IV. The Innovator’s Dilemma Revisited
The conversation pivots to the Innovator’s Dilemma, questioning whether it remains a significant obstacle. The argument is made that the rise of readily available compute power (AI) lowers the cost of experimentation and internal disruption. Companies can now more easily deploy resources to develop competing solutions without needing to reallocate valuable human capital.
However, Frank counters that the core issue isn’t resource constraints, but rather the tendency of successful companies to prioritize the needs of their existing, profitable customer base, even if those needs don’t align with disruptive technologies. He points to the example of automakers resisting electric vehicles, and the potential for AI to be similarly overlooked. The sheer size of the potential AI market ($7 trillion by 2030) may force companies to overcome this inertia.
V. Crypto and the DAT Landscape
The discussion briefly touches on the recent volatility in the crypto market and the role of Digital Asset Treasury Companies (DATs). The current situation suggests a shift from retail-driven speculation to institutional adoption, hindered by regulatory uncertainty (specifically the need for a market structure bill in Congress). The trend appears to be retail investors selling to institutions, potentially anticipating further institutional investment. DATs that raised capital during the boom are now facing pressure to liquidate assets as they trade below net asset value.
VI. Key Quotes & Observations
- Frank: “The barriers to entry to create software are so low. You can copy features very quickly. Um and I think the teams that are nimble and shipping very fast will do better than the teams that are relying on oh well my customer always renews and expands a little bit and that's enough to fund my sales and marketing and R&D for next year.”
- Nick: “If you know the reason not to go after your disruptor is because you had to have historically taken capital in the form of labor, so like your best employees that are working on your core product and move them over to a new essentially internal upstart to try and disrupt your own business. Doesn't it then make sense that the dilemma in that gets wildly easier because you don't have to deal with labor internally?”

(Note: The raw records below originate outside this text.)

(* Let $(X,\mu)$ be a discrete-time BRW and $A\subseteq X$ nonempty. The following are equivalent: (1) $q(x,A)=\bar q(x)$ for all $x\in X$; (2) $q_0(x,A)\le\bar q(x)$ for all $x\in X$; (3) for every $x\in X$, either $\bar q(x)=1$ or, conditioned on global survival starting from one particle at $x$, local survival in $A$ occurs with probability $1$.
   Context: $S_X:=\{f:X\to\mathbb N:\sum_yf(y)<\infty\}$; a discrete-time BRW $(X,\mu)$: probability measures $\mu_x$ on $S_X$, each particle at $x$ independently replaced by $f(y)$ particles at each $y$, $f\sim\mu_x$; $\eta_n(y)$ is the number of particles at $y$ in generation $n$. For $n\ge0$, $q_n(x,A)$ is the probability, starting with one particle at $x$, that $\eta_k(y)=0$ for all $k\ge n+1$ and all $y\in A$; $q(x,A):=\lim_nq_n(x,A)$ is the probability of local extinction in $A$, $\bar q(x):=q(x,X)$. Local survival in $A$ is the complement of local extinction in $A$; global survival is the event that particles exist at every generation. *)

From Stdlib Require Import Reals ClassicalEpsilon List.
Set Implicit Arguments.
Open Scope R_scope.

Definition ind (P : Prop) : R := if excluded_middle_informative P then 1 else 0.

Fixpoint lsum {T : Type} (f : T -> R) (l : list T) : R :=
  match l with nil => 0 | t :: l' => f t + lsum f l' end.

Definition psums {T : Type} (f : T -> R) (r : R) : Prop :=
  exists l : list T, NoDup l /\ r = lsum f l.

Lemma psums_ne {T : Type} (f : T -> R) : exists r, psums f r.
Proof. exists 0, nil. split; [constructor | reflexivity]. Qed.

(** Sum over the whole type [T] of a (nonnegative) function: the supremum of the
    finite partial sums (set to 0 if unbounded; only used on bounded sums). *)
Definition sumR {T : Type} (f : T -> R) : R :=
  match excluded_middle_informative (bound (psums f)) with
  | left Hb => proj1_sig (completeness (psums f) Hb (psums_ne f))
  | right _ => 0
  end.

(** Elements of S_X are functions X -> nat with finite support. *)
Definition fin_supp {X : Type} (f : X -> nat) : Prop :=
  exists l : list X, forall y, f y <> 0%nat -> In y l.

Fixpoint cfg {X : Type} (l : list X) : X -> nat :=
  match l with
  | nil => fun _ => 0%nat
  | x :: l' => fun y => ((if excluded_middle_informative (x = y) then 1 else 0) + cfg l' y)%nat
  end.

(** Convolution (law of the sum of two independent S_X-valued variables). *)
Definition conv {X : Type} (m1 m2 : (X -> nat) -> R) (h : X -> nat) : R :=
  sumR (fun p : (X -> nat) * (X -> nat) =>
          ind (forall y, (fst p y + snd p y)%nat = h y) * (m1 (fst p) * m2 (snd p))).

(** Law of the offspring configuration of the particles listed in [l]
    (each particle at x reproduces independently according to mu x). *)
Fixpoint offl {X : Type} (mu : X -> (X -> nat) -> R) (l : list X) : (X -> nat) -> R :=
  match l with
  | nil => fun h => ind (forall y, h y = 0%nat)
  | x :: l' => conv (mu x) (offl mu l')
  end.

Definition is_BRW {X : Type} (mu : X -> (X -> nat) -> R) : Prop :=
  forall x, (forall f, 0 <= mu x f) /\ (forall f, mu x f <> 0 -> fin_supp f)
            /\ sumR (mu x) = 1.

(** A realization, on some probability space, of the BRW (X,mu) started with one
    particle at x: eta n w y = number of particles at y in generation n. *)
Record BRW_realization {X : Type} (mu : X -> (X -> nat) -> R) (x : X) : Type := {
  rOm : Type;
  rF : (rOm -> Prop) -> Prop;
  rP : (rOm -> Prop) -> R;
  reta : nat -> rOm -> X -> nat;
  F_full : rF (fun _ => True);
  F_compl : forall E, rF E -> rF (fun w => ~ E w);
  F_union : forall E : nat -> rOm -> Prop, (forall n, rF (E n)) -> rF (fun w => exists n, E n w);
  P_nonneg : forall E, rF E -> 0 <= rP E;
  P_full : rP (fun _ => True) = 1;
  P_sigma : forall E : nat -> rOm -> Prop, (forall n, rF (E n)) ->
      (forall n m w, n <> m -> E n w -> E m w -> False) ->
      Un_cv (fun N => sum_f_R0 (fun k => rP (E k)) N) (rP (fun w => exists n, E n w));
  eta_meas : forall n y k, rF (fun w => reta n w y = k);
  eta_init : rP (fun w => reta 0 w = cfg (x :: nil)) = 1;
  eta_markov : forall (n : nat) (hs : nat -> X -> nat) (l : list X) (h' : X -> nat),
      cfg l = hs n ->
      rP (fun w => (forall k, (k <= n)%nat -> reta k w = hs k) /\ reta (S n) w = h')
      = rP (fun w => forall k, (k <= n)%nat -> reta k w = hs k) * offl mu l h'
}.

Section Q.
Context {X : Type} {mu : X -> (X -> nat) -> R} {x : X} (Z : BRW_realization mu x).

Definition qn (A : X -> Prop) (n : nat) : R :=
  rP Z (fun w => forall k y, (n < k)%nat -> A y -> reta Z k w y = 0%nat).

Definition loc_ext (A : X -> Prop) (w : rOm Z) : Prop :=
  exists n, forall k y, (n < k)%nat -> A y -> reta Z k w y = 0%nat.

(** q(x,A) = probability of local extinction in A (= lim_n q_n(x,A)). *)
Definition q (A : X -> Prop) : R := rP Z (loc_ext A).

Definition qbar : R := q (fun _ => True).

Definition glob_surv (w : rOm Z) : Prop := forall n, exists y, reta Z n w y <> 0%nat.

Definition cond_prob (E B : rOm Z -> Prop) : R := rP Z (fun w => E w /\ B w) / rP Z B.
End Q.

From Stdlib Require Import Reals Lra Lia List Permutation ClassicalEpsilon
  FunctionalExtensionality PropExtensionality Classical Cantor.
Open Scope R_scope.

(** (1) -> (2) and "q >= qbar" are inclusions of events.  (1) <-> (3) holds separately for
    each [x]: since the empty population is absorbing, [q(x,A) - qbar(x)] is the probability
    of dying out in [A] while surviving globally, and [P(global survival) = 1 - qbar(x)].
    (2) -> (1) is the generating-function argument: with [G u x = E_x[prod u(offspring)]],
    the branching property gives [q_n(.,A) = G^n q_0(.,A)] and [qbar = G^n qbar]; as [G] is
    monotone, [q_0(.,A) <= qbar] yields [q_n(.,A) <= qbar] for all [n], hence [q(.,A) <= qbar]. *)

Lemma pred_ext {T : Type} (E E' : T -> Prop) : (forall w, E w <-> E' w) -> E = E'.
Proof.
  intro H; apply functional_extensionality; intro w; apply propositional_extensionality; auto.
Qed.

Lemma ind_true (P : Prop) : P -> ind P = 1.
Proof. intro H; unfold ind; destruct excluded_middle_informative; tauto. Qed.

Lemma ind_false (P : Prop) : ~ P -> ind P = 0.
Proof. intro H; unfold ind; destruct excluded_middle_informative; tauto. Qed.

Lemma ind_ext (P Q : Prop) : (P <-> Q) -> ind P = ind Q.
Proof. intro H; unfold ind; do 2 destruct excluded_middle_informative; tauto. Qed.

Lemma ind_01 (P : Prop) : 0 <= ind P <= 1.
Proof. unfold ind; destruct excluded_middle_informative; lra. Qed.

(** ** Finite sums over lists *)

Lemma lsum_app {T} (f : T -> R) l1 l2 : lsum f (l1 ++ l2) = lsum f l1 + lsum f l2.
Proof. induction l1; simpl; lra. Qed.

Lemma lsum_nonneg {T} (f : T -> R) l : (forall t, 0 <= f t) -> 0 <= lsum f l.
Proof. intro H; induction l; simpl; [lra | specialize (H a); lra]. Qed.

Lemma lsum_le {T} (f g : T -> R) l :
  (forall t, In t l -> f t <= g t) -> lsum f l <= lsum g l.
Proof.
  induction l as [|a l IH]; simpl; intro H; [lra|].
  assert (f a <= g a) by auto. assert (lsum f l <= lsum g l) by auto. lra.
Qed.

Lemma lsum_ext {T} (f g : T -> R) l :
  (forall t, In t l -> f t = g t) -> lsum f l = lsum g l.
Proof. induction l; simpl; intro H; [lra|]. rewrite H, IHl; auto. Qed.

Lemma lsum_zero {T} (f : T -> R) l : (forall t, In t l -> f t = 0) -> lsum f l = 0.
Proof.
  intro H; rewrite (lsum_ext f (fun _ => 0) l H). clear H; induction l; simpl; lra.
Qed.
(* Let $m\ge 2$, $k\in\mathbb N_0$, $0\le s\le m$ with $s+k\ge 1$. Then $$\mathcal{P}_k^s=\mathrm{Ker}_k^s\partial^+\oplus(\mathbf{x}\bullet)\,\mathrm{Ker}_{k-1}^{s+1}\partial^+,$$ and the projection of $\mathcal{P}_k^s$ onto $\mathrm{Ker}_k^s\partial^+$ along this decomposition is $P^+=-(s+k)^{-1}\partial^+(\mathbf{x}\bullet)$.
   Context: $\mathcal{C}\ell_m$ denotes either the real Clifford algebra $\mathbb{R}_{0,m}$ or the complex Clifford algebra $\mathbb{C}_m$ generated by the standard basis $e_1,\dots,e_m$ of $\mathbb{R}^m$ with relations $e_ie_j+e_je_i=-2\delta_{ij}$; $\mathcal{C}\ell_m=\bigoplus_{s=0}^m\mathcal{C}\ell_m^s$, where $\mathcal{C}\ell_m^s$ is the space of $s$-vectors. A point $\mathbf{x}\in\mathbb R^m$ is identified with the 1-vector $\sum_j x_je_j$. For a 1-vector $u$ and an $s$-vector $v$, $u\bullet v=\frac12(uv-(-1)^svu)$ and $u\wedge v=\frac12(uv+(-1)^svu)$, extended linearly in $v$; $(\mathbf{x}\bullet)$ is the pointwise operator $P\mapsto\mathbf x\bullet P$. $\mathcal P_k^s$ is the space of $k$-homogeneous $\mathcal C\ell_m^s$-valued polynomials on $\mathbb R^m$ (zero if $k<0$ or $s>m$). $\partial^+P=\sum_je_j\wedge\partial_{x_j}P$ and $\mathrm{Ker}_k^s\partial^+=\{P\in\mathcal P_k^s:\partial^+P=0\}$. *)

From HB Require Import structures.
From mathcomp Require Import all_boot all_order all_algebra.
Set Implicit Arguments. Unset Strict Implicit. Unset Printing Implicit Defensive.
Import Order.TTheory GRing.Theory Num.Theory.
Local Open Scope ring_scope.

Section Clifford.
Variable F : numFieldType.
Variable m : nat.

(* Clifford algebra Cl_m over F (F = R gives R_{0,m}, F = C gives C_m):
   an element is its coordinate vector on the basis blades e_A, A ⊆ {0..m-1},
   e_A = e_{a1} ... e_{ap} with a1 < ... < ap. *)
Definition Cl := {ffun {set 'I_m} -> F}.

Definition cscale (c : F) (v : Cl) : Cl := [ffun A => c * v A].

(* sign in e_A e_B = csign A B e_{A Δ B}, using e_i e_j = - e_j e_i (i<>j)
   and e_i^2 = -1 *)
Definition csign (A B : {set 'I_m}) : F :=
  (-1) ^+ (#|[set p : 'I_m * 'I_m | (p.1 \in A) && (p.2 \in B) && (p.2 < p.1)%N]|
           + #|A :&: B|)%N.

Definition cmul (u v : Cl) : Cl :=
  [ffun C => \sum_(A : {set 'I_m}) \sum_(B : {set 'I_m} | (A :\: B) :|: (B :\: A) == C)
               csign A B * u A * v B].

Definition grade (s : nat) (v : Cl) : Cl := [ffun A : {set 'I_m} => if #|A| == s then v A else 0].
(* Let $G$ be a finitely presented group with finite presentation $\mathcal{P}=\langle \mathcal{S}\mid\mathcal{W}\rangle$ whose Dehn function $f_G$ is polynomial (bounded above by a polynomial), and let $L^{st}_G$ be the standard word-length function on $G$ associated with the generating set $\mathcal{S}$. Then the map $$\alpha_2(G,L^{st}_G): H_2(G;\mathbb{Q})\to (H^2(G;\mathbb{Q}))^*\to (PH^2(G;\mathbb{Q}))^*$$ is an isomorphism.
   Context: Let $F$ be the free group on $\mathcal{S}$ with standard word-length $L_F$ (each generator has length $1$), and $F'\subset F$ the normal closure of $\mathcal{W}$, so $G=F/F'$. $L^{st}_G(g)=\min\{L_F(w): w\mapsto g\}$. For $y\in F'$, $\mathrm{Area}_{\mathcal{P}}(y)$ is the minimal $n$ such that $y=\bar w_1^{x_1}\cdots \bar w_n^{x_n}$ with $w_i^{\pm1}\in\mathcal{W}$, $x_i\in F$, $\bar w^x=x\bar w x^{-1}$. The Dehn function $f_{\mathcal P}:\mathbb{N}\to\mathbb{N}$ is the minimal function with $\mathrm{Area}_{\mathcal P}(y)\le f_{\mathcal P}(n)$ for all $y\in F'$ with $L_F(y)\le n$. p-bounded cohomology: for a group $G$ with word-length function $L$, $PH^*(G;\mathbb{Q})$ is the cohomology of the subcomplex of the (non-homogeneous) bar cochain complex $\mathrm{Hom}_G(C_*(EG;\mathbb{Q}),\mathbb{Q})$ consisting of cochains of polynomial growth, i.e. $G$-equivariant linear $\phi$ on $C_n(EG;\mathbb Q)=\mathbb{Q}[G][\{(1,g_1,\dots,g_n)\}]$ such that $|\phi(1,g_1,\dots,g_n)|\le C(1+\sum_i L(g_i))^k$ for some constants $C,k$. The inclusion of cochain complexes induces $PH^*(G;\mathbb Q)\to H^*(G;\mathbb Q)$; its dual composed with the universal-coefficient map $H_*(G;\mathbb Q)\to (H^*(G;\mathbb Q))^*$ is $\alpha_*(G,L)$. *)

From mathcomp Require Import all_boot all_order all_algebra all_fingroup.
Set Implicit Arguments. Unset Strict Implicit. Unset Printing Implicit Defensive.
Import Order.TTheory GRing.Theory Num.Theory.

(* A letter is (s, b) with b = true meaning s^{-1}.                         *)
Section FreeGroup.
Variable S : finType.

Definition letter := (S * bool)%type.
Definition word := seq letter.

Definition winv (w : word) : word := rev [seq (a.1, ~~ a.2) | a <- w].

Fixpoint fred (w : word) : word :=
  match w with
  | [::] => [::]
  | a :: w' =>
      match fred w' with
      | b :: r' => if (a.1 == b.1) && (a.2 != b.2) then r' else a :: b :: r'
      | [::] => [:: a]
      end
  end.

Definition LF (w : word) : nat := size (fred w).

(* Area_P(y) <= N : y is equal in F to a product of at most N conjugates
   x r x^{-1} with r^{+-1} in W. *)
Definition area_le (W : seq word) (y : word) (N : nat) : Prop :=
  exists l : seq (word * word),
    [/\ size l <= N,
        all (fun p => (p.2 \in W) || (winv p.2 \in W)) l &
        fred (flatten [seq p.1 ++ p.2 ++ winv p.1 | p <- l]) = fred y].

- Frank: “The companies that are going to stand out and do well and grow in this environment are the companies that are taking this new raw material which is digital intelligence in the form of tokens and applying it and delivering it into an enterprise in a unique and valuable way.”
Conclusion:
The future of SAS is uncertain, but not necessarily doomed. The industry is undergoing a significant transformation driven by the rise of AI. Success will depend on adaptability, a willingness to embrace new business models (moving away from seat-based pricing), and the ability to effectively leverage digital intelligence. While established players have advantages, nimble AI-native companies pose a significant threat. The Innovator’s Dilemma remains a relevant challenge, but the lower cost of experimentation with AI may make internal disruption more feasible. The crypto market, while volatile, is evolving towards greater institutional adoption, contingent on regulatory clarity. Ultimately, the companies that can deliver tangible value through AI and adapt to the changing landscape will be the ones that thrive.